[Opening ENTRIES PROVIDED section]

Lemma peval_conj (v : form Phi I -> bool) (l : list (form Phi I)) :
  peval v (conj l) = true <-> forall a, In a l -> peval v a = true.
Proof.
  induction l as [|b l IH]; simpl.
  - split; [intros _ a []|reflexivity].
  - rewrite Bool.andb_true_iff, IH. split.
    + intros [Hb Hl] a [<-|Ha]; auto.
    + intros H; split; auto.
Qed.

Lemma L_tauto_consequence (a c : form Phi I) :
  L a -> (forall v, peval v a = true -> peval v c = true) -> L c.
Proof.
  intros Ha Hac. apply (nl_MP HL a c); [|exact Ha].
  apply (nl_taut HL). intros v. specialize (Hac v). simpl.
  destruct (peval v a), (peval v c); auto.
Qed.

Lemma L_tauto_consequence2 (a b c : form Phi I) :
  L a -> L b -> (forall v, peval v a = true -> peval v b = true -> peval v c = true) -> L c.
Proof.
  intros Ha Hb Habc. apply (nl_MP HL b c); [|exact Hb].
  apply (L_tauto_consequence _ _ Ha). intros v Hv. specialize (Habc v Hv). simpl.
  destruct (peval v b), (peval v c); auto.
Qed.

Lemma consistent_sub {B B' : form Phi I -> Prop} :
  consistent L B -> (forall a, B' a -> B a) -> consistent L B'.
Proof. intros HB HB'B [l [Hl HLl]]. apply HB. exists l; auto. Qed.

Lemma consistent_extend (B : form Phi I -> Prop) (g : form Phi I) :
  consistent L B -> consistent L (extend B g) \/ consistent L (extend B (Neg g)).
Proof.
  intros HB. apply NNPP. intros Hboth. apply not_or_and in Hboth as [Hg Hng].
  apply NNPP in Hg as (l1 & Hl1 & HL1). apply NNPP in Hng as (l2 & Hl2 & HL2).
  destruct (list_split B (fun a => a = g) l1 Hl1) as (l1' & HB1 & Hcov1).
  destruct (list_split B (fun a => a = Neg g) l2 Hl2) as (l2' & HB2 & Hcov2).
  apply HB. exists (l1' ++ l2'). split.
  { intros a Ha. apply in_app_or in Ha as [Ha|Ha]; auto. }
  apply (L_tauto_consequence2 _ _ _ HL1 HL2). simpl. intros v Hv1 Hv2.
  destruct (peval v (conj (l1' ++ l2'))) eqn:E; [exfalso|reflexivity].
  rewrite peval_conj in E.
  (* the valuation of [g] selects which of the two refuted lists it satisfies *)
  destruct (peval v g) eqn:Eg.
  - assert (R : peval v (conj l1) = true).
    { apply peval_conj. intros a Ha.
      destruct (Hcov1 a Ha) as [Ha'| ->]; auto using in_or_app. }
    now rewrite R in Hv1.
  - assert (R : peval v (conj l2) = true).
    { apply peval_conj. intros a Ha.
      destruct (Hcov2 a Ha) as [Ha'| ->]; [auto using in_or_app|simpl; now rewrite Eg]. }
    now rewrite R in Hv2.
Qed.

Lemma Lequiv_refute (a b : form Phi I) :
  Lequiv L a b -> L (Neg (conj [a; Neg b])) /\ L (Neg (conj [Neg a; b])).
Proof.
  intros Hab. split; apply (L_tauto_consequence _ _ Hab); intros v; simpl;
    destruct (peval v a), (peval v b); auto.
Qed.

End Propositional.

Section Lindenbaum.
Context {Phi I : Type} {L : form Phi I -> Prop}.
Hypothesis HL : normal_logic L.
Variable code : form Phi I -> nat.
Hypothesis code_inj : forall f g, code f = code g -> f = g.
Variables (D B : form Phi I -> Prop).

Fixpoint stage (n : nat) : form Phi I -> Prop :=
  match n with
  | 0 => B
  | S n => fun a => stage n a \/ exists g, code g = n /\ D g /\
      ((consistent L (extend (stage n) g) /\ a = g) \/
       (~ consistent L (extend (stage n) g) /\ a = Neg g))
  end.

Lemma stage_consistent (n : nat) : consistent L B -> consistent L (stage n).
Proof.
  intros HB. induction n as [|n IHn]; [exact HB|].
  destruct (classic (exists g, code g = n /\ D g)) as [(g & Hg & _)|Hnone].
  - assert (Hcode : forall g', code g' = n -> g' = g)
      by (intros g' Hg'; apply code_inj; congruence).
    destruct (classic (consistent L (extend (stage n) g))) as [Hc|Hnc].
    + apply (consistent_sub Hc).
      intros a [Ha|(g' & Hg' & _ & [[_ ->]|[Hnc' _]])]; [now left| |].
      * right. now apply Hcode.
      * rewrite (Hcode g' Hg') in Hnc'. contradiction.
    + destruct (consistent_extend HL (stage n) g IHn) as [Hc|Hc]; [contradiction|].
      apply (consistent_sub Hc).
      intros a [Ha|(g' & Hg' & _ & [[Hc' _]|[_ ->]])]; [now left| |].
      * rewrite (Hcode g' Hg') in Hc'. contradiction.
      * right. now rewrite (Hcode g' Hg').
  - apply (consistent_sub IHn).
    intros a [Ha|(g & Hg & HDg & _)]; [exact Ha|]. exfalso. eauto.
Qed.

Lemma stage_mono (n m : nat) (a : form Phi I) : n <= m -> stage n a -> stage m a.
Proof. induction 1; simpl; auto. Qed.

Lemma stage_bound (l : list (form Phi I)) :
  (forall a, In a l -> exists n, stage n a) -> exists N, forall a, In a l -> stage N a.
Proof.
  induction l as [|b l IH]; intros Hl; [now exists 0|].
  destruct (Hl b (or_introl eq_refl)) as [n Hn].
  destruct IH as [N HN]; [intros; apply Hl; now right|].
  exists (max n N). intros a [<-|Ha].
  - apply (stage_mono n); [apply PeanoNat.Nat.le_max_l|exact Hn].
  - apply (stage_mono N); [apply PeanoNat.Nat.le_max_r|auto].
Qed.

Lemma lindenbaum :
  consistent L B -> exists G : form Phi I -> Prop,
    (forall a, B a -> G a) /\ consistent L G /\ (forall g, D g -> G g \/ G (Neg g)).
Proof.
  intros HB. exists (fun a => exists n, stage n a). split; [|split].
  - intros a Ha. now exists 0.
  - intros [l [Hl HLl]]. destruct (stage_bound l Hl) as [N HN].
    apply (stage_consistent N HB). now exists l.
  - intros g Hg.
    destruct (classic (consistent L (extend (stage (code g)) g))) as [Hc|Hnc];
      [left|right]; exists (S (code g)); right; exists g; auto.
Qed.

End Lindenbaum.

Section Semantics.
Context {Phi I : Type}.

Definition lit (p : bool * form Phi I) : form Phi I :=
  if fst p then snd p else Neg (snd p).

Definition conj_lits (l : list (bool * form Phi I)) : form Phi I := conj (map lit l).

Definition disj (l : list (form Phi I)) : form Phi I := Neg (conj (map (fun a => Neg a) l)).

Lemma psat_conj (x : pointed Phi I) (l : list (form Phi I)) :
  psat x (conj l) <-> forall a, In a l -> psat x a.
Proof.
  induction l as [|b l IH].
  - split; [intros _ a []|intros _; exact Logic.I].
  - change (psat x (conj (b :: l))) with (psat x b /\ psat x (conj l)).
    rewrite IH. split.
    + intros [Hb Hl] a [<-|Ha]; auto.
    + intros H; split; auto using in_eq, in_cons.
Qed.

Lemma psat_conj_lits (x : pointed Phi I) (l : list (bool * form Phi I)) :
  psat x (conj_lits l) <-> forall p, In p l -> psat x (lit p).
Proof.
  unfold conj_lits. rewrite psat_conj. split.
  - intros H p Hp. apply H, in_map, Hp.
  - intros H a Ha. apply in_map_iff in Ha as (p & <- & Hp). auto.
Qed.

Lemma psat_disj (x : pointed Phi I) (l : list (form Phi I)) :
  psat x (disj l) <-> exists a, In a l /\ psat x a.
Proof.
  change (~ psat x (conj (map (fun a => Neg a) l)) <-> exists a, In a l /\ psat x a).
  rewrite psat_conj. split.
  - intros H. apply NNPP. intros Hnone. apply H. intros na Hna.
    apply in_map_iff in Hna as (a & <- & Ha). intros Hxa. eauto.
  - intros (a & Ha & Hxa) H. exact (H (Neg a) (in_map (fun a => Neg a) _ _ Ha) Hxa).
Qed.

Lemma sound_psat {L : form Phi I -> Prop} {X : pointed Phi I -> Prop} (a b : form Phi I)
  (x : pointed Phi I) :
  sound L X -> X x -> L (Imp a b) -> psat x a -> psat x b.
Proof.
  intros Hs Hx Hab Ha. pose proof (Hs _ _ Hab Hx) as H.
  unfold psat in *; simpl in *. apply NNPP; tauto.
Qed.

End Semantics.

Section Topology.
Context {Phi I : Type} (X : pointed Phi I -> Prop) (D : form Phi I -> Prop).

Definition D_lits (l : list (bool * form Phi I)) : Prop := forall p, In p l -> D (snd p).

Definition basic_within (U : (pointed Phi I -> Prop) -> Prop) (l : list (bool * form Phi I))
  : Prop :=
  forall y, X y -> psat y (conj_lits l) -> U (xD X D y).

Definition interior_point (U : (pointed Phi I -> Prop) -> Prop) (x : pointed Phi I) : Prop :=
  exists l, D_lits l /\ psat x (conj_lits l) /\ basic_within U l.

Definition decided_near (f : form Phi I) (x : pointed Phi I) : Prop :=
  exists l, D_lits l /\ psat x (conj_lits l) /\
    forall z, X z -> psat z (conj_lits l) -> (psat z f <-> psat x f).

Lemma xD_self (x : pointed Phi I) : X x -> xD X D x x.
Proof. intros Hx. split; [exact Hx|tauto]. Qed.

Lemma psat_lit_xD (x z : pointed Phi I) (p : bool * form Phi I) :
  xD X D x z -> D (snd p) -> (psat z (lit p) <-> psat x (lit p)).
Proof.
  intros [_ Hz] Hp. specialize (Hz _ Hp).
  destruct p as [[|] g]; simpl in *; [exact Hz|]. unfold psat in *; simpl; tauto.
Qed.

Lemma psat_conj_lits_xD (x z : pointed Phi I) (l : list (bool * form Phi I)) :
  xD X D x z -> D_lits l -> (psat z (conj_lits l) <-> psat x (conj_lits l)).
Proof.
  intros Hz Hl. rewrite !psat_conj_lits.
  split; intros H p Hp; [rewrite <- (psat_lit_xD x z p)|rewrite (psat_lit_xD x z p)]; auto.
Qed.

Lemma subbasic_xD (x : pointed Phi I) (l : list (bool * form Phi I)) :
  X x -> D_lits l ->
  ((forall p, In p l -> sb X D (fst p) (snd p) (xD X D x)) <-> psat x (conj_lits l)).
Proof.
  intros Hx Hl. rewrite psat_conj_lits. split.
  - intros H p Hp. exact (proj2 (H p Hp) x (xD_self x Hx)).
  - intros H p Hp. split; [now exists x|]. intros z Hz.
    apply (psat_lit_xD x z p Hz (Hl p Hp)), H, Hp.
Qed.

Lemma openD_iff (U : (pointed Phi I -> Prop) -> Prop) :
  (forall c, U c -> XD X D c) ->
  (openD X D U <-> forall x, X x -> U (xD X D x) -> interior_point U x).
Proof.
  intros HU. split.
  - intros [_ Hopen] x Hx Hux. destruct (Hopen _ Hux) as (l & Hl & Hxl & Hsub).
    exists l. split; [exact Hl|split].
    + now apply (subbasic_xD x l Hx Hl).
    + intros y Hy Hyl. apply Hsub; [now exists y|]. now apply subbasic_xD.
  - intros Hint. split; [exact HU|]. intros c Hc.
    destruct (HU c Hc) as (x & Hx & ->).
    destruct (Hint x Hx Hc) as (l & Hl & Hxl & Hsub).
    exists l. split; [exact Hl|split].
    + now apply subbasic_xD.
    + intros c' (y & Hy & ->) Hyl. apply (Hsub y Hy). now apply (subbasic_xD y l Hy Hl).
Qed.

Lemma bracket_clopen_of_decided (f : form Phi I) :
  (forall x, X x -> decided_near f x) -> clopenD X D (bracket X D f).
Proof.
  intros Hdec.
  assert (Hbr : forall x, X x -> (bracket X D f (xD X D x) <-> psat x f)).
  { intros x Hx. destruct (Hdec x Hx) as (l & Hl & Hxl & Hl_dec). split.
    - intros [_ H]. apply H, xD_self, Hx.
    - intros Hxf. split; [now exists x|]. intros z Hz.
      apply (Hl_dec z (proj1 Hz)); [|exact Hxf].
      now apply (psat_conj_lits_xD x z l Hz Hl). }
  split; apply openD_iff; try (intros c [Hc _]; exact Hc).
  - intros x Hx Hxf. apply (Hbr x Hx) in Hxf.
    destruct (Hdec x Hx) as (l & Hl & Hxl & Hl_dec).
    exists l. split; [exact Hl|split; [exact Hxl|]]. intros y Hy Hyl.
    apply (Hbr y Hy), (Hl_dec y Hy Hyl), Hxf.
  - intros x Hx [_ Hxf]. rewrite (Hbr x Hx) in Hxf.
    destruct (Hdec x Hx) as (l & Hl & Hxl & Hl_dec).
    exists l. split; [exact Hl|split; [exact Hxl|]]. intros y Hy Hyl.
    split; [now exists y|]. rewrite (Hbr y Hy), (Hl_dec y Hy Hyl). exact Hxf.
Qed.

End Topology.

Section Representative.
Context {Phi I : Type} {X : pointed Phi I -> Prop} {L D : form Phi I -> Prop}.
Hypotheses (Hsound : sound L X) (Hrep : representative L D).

[Closing ENTRIES PROVIDED section]

**EXERCISE REQUIREMENTS:** Please give again the lines above between the line holding "apply (stage_consistent N" and the line holding "induction l as [|b l IH].", inclusive, exactly as they are and with nothing added.

**EXERCISE OUTPUT:**
    apply (stage_consistent N HB). now exists l.
  - intros g Hg.
    destruct (classic (consistent L (extend (stage (code g)) g))) as [Hc|Hnc];
      [left|right]; exists (S (code g)); right; exists g; auto.
Qed.

End Lindenbaum.

Section Semantics.
Context {Phi I : Type}.

Definition lit (p : bool * form Phi I) : form Phi I :=
  if fst p then snd p else Neg (snd p).

Definition conj_lits (l : list (bool * form Phi I)) : form Phi I := conj (map lit l).

Definition disj (l : list (form Phi I)) : form Phi I := Neg (conj (map (fun a => Neg a) l)).

Lemma psat_conj (x : pointed Phi I) (l : list (form Phi I)) :
  psat x (conj l) <-> forall a, In a l -> psat x a.
Proof.
  induction l as [|b l IH].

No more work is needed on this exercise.